Lemma bern_ge0 q x : (forall i, 0 <= q i <= 1) -> 0 <= bern q x.
Proof.
move=> hq; apply: prodr_ge0 => i _.
by have /andP [q0 q1] := hq i; case: (x i); lra.
Qed.

Lemma sum_bern_prod q (f : 'I_n -> bool -> R) :
  \sum_x bern q x * \prod_(i < n) f i (x i)
  = \prod_(i < n) (q i * f i true + (1 - q i) * f i false).
Proof.
under eq_bigr do rewrite -big_split /=.
rewrite -(bigA_distr_bigA (fun i (b : bool) => (if b then q i else 1 - q i) * f i b)).
by apply: eq_bigr => i _; rewrite big_bool.
Qed.

Lemma sum_bern1 q : \sum_x bern q x = 1.
Proof.
have := sum_bern_prod q (fun _ _ => 1) => /=.
under eq_bigr do rewrite big1_eq mulr1.
by move=> ->; rewrite big1 // => i _; ring.
Qed.

Lemma sum_bern_coord q j (g : bool -> R) :
  \sum_x bern q x * g (x j) = q j * g true + (1 - q j) * g false.
Proof.
pose f i (b : bool) := if i == j then g b else 1.
transitivity (\sum_x bern q x * \prod_(i < n) f i (x i)).
  by apply: eq_bigr => x _; rewrite /f -big_mkcond big_pred1_eq.
rewrite sum_bern_prod (bigD1 j) //= /f eqxx big1 ?mulr1 // => i /negbTE ->; ring.
Qed.

Lemma sum_bern_coord2 q i j (g h : bool -> R) : i != j ->
  \sum_x bern q x * (g (x i) * h (x j))
  = (q i * g true + (1 - q i) * g false) * (q j * h true + (1 - q j) * h false).
Proof.
move=> ij.
pose f k (b : bool) := (if k == i then g b else 1) * (if k == j then h b else 1).
transitivity (\sum_x bern q x * \prod_(k < n) f k (x k)).
  by apply: eq_bigr => x _; rewrite /f big_split -!big_mkcond !big_pred1_eq.
have ji : j != i by rewrite eq_sym.
rewrite sum_bern_prod (bigD1 i) // (bigD1 j) //= /f !eqxx (negbTE ij) (negbTE ji).
rewrite big1 ?mulr1; first by ring.
by move=> k /andP [/negbTE -> /negbTE ->]; ring.
Qed.

Lemma sum_bern_sgn q j : \sum_x bern q x * sgnb (x j) = mean q j.
Proof. by rewrite (sum_bern_coord q j (@sgnb R)) /mean /sgnb; ring. Qed.

Lemma sum_bern_sgn2 q i j :
  \sum_x bern q x * (sgnb (x i) * sgnb (x j))
  = if i == j then 1 else mean q i * mean q j.
Proof.
case: eqP => [<-|/eqP ij]; last by rewrite sum_bern_coord2 // /mean /sgnb; ring.
rewrite -(sum_bern1 q); apply: eq_bigr => x _; rewrite /sgnb; case: (x i); ring.
Qed.

Lemma sum_bern_linpred q b0 b :
  \sum_x bern q x * linpred b0 b x = b0 + \sum_i b i * mean q i.
Proof.
under eq_bigr do rewrite /linpred mulrDr mulr_sumr.
rewrite big_split /= -mulr_suml sum_bern1 mul1r exchange_big /=; congr (_ + _).
apply: eq_bigr => i _; rewrite -sum_bern_sgn mulr_sumr; apply: eq_bigr => x _; ring.
Qed.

What the task requires
Show all lines above that contain "move".

Problem solution
move=> hq; apply: prodr_ge0 => i _.
by move=> ->; rewrite big1 // => i _; ring.
move=> ij.
by move=> k /andP [/negbTE -> /negbTE ->]; ring.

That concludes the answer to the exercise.